**EXERCISE DETAILS**
What you need to produce from the material below is an exact transcription of the lines from the one with "have pw_eq := least_multiple_gt" through the one with "move=> p_pr lt_c;", both included, and no other line.

******

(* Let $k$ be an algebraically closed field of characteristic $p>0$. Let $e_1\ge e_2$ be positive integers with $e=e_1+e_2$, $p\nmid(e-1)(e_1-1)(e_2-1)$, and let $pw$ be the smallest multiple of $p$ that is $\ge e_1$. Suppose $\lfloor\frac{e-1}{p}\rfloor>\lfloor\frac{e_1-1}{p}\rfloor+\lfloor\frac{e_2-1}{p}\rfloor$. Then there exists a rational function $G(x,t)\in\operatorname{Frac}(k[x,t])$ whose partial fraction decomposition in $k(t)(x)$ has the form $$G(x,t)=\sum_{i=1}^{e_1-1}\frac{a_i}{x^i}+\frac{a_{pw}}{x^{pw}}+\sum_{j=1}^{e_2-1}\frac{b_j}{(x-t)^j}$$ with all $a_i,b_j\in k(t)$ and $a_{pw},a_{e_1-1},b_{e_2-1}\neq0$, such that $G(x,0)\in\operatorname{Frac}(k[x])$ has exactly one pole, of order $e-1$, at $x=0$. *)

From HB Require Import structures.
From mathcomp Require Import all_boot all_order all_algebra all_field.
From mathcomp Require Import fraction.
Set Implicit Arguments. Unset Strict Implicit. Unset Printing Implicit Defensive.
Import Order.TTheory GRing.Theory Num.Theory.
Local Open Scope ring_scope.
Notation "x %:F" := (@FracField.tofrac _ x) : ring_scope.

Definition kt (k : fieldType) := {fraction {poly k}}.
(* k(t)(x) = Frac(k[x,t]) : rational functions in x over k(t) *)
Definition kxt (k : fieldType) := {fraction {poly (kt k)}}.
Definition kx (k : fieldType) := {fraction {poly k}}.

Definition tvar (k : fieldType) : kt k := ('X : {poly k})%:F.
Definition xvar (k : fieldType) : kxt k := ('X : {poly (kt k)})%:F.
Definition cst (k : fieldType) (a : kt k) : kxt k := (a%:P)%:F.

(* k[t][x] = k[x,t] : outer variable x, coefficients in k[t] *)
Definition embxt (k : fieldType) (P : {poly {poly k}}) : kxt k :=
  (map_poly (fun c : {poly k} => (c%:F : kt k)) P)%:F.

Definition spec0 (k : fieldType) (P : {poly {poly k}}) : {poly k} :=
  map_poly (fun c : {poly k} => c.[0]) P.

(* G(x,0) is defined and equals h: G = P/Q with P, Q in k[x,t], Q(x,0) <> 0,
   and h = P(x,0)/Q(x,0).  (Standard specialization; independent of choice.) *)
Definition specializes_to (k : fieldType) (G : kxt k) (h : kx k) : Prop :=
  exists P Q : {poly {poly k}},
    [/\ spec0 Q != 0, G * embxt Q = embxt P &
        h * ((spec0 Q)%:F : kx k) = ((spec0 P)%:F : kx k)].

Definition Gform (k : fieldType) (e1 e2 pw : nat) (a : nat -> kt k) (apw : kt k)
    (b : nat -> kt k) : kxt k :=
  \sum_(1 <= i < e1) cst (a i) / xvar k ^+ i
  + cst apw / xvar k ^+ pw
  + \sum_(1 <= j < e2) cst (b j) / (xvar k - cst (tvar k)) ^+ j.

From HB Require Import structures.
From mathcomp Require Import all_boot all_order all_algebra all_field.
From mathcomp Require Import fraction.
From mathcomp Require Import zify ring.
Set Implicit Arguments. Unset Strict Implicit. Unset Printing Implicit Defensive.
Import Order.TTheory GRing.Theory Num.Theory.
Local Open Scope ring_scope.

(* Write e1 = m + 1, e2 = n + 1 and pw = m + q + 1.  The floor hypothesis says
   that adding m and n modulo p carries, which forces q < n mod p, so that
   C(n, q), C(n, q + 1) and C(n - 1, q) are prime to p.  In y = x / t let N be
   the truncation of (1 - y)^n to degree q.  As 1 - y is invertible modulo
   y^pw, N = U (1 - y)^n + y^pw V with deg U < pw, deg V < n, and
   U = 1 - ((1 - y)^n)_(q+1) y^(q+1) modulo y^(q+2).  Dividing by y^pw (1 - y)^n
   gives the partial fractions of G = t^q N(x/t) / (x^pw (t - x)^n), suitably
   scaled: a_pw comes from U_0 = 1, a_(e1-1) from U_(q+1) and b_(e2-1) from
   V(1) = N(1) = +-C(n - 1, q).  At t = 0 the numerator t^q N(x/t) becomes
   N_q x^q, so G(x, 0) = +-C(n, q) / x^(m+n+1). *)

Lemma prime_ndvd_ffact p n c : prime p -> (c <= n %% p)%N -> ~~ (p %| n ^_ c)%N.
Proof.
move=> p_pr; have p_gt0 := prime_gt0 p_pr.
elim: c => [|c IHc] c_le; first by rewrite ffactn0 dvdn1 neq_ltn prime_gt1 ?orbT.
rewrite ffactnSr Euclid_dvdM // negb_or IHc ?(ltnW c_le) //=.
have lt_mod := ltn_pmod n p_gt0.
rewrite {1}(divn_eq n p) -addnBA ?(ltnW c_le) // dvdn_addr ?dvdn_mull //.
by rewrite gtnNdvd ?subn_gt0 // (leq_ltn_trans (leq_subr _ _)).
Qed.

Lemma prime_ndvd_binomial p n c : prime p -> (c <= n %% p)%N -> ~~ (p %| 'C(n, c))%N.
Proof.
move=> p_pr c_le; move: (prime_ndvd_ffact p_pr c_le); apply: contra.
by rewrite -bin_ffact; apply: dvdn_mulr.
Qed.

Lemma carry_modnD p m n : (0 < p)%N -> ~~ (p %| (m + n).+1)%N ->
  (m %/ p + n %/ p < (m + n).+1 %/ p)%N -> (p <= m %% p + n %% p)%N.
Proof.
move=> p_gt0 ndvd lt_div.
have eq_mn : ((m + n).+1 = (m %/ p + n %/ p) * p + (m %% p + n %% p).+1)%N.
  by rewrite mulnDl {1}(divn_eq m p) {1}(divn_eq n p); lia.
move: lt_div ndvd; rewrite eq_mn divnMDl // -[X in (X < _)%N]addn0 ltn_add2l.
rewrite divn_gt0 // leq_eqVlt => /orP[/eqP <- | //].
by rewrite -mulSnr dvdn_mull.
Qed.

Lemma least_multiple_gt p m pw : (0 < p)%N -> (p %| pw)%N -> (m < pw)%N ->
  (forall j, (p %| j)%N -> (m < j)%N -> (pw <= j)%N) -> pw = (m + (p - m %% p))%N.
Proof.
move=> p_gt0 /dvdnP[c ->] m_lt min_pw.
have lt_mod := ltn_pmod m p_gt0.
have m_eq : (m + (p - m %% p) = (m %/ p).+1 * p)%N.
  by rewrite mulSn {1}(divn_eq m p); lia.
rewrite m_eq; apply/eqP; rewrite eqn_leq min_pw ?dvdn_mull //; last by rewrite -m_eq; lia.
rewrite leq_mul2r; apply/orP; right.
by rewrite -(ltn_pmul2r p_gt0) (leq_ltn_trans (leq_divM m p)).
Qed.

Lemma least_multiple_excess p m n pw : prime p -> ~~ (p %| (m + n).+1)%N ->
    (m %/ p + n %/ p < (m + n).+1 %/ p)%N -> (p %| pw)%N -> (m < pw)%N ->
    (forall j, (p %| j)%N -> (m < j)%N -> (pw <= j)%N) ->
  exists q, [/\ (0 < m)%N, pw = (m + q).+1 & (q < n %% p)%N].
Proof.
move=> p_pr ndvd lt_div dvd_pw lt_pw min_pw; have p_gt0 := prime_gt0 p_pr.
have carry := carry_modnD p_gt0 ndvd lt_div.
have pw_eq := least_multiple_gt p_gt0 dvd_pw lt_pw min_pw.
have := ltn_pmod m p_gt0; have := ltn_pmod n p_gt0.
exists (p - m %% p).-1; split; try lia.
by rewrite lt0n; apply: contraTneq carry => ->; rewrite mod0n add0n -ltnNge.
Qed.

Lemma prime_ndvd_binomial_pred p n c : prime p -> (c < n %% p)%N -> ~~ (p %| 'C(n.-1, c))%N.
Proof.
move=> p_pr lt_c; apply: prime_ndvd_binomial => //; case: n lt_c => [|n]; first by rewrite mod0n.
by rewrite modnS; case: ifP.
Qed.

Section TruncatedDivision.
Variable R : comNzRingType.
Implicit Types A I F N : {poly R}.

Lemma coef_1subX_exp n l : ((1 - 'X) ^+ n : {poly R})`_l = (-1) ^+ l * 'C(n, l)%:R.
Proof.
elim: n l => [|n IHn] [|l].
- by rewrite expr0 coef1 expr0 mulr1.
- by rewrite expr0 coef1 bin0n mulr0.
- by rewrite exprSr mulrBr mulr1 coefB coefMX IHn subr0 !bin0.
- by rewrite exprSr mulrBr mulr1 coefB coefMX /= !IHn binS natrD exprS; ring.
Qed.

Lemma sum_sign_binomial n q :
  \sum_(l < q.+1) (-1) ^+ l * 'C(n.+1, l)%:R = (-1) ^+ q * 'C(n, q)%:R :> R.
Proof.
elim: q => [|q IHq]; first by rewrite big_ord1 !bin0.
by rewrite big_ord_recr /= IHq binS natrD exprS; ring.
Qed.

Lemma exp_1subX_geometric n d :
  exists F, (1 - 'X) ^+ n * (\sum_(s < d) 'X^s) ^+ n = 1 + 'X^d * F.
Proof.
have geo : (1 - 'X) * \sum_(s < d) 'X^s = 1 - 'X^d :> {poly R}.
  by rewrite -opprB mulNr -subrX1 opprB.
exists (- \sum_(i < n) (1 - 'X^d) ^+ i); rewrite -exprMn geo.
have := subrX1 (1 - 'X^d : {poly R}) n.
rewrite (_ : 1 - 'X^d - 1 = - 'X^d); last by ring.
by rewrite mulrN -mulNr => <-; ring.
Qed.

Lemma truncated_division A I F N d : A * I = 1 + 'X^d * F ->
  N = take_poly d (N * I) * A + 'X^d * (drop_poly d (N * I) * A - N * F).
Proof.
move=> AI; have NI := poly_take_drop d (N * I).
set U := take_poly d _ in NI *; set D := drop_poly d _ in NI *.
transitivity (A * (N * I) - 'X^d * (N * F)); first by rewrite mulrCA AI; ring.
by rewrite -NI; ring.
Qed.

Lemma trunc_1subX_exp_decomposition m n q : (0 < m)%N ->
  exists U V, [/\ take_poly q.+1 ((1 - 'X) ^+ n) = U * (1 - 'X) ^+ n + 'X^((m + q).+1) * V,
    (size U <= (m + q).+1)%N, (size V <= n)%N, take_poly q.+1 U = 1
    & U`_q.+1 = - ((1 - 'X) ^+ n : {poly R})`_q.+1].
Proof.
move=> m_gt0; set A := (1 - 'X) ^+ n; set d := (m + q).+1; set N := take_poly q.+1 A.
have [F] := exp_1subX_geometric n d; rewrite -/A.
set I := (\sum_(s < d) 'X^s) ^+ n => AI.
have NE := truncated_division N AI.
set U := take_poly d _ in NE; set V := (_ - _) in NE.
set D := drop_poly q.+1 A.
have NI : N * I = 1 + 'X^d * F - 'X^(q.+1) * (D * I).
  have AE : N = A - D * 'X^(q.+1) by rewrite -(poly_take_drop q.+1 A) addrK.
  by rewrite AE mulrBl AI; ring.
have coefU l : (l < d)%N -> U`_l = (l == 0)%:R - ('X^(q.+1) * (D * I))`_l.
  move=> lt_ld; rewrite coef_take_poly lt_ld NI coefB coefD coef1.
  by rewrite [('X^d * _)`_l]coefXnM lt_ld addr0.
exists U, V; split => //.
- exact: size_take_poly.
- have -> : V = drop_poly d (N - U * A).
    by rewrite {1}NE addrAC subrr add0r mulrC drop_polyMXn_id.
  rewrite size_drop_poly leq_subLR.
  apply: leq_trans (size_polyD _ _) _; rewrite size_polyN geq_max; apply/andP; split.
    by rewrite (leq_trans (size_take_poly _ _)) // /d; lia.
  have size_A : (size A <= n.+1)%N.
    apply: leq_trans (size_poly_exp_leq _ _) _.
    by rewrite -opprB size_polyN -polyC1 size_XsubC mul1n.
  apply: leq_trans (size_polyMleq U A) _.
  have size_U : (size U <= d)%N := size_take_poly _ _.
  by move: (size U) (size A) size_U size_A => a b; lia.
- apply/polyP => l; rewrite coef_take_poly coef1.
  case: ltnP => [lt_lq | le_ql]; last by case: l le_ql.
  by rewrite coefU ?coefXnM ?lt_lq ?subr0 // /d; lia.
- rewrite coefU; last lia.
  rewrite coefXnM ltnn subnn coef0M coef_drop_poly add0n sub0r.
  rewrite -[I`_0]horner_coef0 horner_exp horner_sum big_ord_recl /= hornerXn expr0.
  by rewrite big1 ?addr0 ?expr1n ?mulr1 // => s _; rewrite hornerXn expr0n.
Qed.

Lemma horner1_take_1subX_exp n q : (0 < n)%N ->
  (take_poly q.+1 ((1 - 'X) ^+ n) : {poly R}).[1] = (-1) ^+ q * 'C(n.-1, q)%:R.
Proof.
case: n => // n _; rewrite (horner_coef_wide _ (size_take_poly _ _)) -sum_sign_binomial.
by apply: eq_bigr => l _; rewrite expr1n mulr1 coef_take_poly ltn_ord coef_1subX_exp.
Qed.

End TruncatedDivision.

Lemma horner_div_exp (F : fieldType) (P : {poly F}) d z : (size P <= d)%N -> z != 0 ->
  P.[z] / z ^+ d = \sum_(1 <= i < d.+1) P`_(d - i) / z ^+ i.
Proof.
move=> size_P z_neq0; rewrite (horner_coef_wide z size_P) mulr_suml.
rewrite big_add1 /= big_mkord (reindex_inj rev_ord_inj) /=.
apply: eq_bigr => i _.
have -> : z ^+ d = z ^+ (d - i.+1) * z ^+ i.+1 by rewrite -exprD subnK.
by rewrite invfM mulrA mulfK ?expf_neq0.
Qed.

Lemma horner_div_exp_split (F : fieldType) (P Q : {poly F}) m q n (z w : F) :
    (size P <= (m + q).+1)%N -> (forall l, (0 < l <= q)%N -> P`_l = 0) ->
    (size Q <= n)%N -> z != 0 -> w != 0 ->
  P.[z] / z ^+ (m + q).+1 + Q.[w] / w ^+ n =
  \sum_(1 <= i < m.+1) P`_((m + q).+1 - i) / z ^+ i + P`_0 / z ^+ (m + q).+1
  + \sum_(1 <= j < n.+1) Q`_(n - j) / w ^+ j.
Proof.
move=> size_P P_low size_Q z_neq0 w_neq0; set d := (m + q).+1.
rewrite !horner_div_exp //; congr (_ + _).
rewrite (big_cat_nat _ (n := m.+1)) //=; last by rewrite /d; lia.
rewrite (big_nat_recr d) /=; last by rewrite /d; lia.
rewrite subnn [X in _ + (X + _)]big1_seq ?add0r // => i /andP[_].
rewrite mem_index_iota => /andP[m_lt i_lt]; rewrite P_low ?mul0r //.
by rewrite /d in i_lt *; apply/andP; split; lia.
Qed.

******

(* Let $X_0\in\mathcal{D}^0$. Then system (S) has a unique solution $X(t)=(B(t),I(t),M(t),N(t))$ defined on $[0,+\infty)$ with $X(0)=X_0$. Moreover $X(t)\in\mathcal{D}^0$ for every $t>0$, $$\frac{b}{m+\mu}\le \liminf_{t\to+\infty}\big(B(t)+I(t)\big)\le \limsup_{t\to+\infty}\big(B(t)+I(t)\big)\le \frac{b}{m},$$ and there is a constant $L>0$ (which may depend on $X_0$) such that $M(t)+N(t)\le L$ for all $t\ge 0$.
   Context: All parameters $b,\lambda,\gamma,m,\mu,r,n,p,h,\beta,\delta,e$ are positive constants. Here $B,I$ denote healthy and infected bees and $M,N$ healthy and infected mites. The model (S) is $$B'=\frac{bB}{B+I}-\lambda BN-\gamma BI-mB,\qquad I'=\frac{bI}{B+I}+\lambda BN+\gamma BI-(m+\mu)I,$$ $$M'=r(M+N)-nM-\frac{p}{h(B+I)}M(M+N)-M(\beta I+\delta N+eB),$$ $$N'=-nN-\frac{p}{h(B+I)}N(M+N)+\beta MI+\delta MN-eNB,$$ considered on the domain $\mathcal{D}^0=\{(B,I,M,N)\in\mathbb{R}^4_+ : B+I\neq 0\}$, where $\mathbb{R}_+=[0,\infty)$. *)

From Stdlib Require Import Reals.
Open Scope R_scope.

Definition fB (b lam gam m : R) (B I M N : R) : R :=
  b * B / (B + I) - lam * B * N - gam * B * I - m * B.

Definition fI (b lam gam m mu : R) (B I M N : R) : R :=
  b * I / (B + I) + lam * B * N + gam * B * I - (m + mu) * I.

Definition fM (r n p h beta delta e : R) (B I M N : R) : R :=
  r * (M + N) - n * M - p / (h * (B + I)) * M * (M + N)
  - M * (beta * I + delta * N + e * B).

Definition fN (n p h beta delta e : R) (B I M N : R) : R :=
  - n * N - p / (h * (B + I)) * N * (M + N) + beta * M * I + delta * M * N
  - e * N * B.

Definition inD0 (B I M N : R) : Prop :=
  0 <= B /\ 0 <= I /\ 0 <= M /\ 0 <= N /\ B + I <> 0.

******

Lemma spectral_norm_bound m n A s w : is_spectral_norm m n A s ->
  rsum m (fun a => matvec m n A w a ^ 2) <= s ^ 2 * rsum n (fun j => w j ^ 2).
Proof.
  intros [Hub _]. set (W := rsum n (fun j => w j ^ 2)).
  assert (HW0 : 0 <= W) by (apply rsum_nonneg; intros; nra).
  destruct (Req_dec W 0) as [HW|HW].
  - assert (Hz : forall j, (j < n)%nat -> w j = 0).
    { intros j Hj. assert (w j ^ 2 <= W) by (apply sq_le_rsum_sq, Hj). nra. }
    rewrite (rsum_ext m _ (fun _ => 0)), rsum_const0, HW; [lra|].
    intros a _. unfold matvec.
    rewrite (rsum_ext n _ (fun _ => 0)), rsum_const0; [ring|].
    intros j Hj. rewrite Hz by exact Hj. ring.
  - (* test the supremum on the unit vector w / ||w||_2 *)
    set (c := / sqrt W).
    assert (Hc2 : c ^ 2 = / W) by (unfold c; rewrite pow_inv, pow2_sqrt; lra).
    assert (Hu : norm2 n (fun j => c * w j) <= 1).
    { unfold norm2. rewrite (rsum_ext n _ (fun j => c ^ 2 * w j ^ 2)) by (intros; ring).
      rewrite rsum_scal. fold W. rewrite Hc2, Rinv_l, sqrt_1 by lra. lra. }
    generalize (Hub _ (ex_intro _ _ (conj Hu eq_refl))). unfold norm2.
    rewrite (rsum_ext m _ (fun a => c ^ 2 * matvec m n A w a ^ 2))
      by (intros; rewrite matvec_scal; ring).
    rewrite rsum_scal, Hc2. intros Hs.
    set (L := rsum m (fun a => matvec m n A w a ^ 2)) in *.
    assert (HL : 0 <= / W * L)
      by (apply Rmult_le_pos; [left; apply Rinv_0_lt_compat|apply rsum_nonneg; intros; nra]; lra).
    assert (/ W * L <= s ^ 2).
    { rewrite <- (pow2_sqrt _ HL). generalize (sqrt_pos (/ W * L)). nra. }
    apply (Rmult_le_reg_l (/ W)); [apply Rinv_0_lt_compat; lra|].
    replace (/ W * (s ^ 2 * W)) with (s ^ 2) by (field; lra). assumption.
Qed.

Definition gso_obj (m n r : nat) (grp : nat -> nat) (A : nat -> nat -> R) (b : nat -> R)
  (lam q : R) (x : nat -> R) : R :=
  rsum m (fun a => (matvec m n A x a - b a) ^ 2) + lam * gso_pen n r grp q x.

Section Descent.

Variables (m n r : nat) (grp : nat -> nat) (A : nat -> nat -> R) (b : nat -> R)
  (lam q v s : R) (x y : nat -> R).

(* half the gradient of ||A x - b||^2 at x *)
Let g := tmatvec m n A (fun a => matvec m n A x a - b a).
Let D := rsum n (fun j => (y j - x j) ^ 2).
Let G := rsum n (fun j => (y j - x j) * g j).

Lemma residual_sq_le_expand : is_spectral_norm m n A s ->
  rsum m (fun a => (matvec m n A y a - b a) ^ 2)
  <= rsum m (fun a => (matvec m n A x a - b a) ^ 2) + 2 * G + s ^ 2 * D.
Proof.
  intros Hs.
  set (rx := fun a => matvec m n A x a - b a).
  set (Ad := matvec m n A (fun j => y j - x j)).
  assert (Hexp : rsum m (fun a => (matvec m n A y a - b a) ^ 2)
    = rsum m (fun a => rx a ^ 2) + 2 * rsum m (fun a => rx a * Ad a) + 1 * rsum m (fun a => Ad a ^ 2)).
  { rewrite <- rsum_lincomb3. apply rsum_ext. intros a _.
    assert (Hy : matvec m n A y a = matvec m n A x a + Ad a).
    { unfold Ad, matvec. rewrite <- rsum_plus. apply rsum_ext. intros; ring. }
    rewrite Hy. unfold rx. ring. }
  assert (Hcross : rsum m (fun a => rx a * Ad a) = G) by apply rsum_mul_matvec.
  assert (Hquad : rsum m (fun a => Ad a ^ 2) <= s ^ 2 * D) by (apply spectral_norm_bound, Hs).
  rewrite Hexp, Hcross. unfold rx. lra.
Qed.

******

**EXPECTED OUTPUT**
have pw_eq := least_multiple_gt p_gt0 dvd_pw lt_pw min_pw.
have := ltn_pmod m p_gt0; have := ltn_pmod n p_gt0.
exists (p - m %% p).-1; split; try lia.
by rewrite lt0n; apply: contraTneq carry => ->; rewrite mod0n add0n -ltnNge.
Qed.

Lemma prime_ndvd_binomial_pred p n c : prime p -> (c < n %% p)%N -> ~~ (p %| 'C(n.-1, c))%N.
Proof.
move=> p_pr lt_c; apply: prime_ndvd_binomial => //; case: n lt_c => [|n]; first by rewrite mod0n.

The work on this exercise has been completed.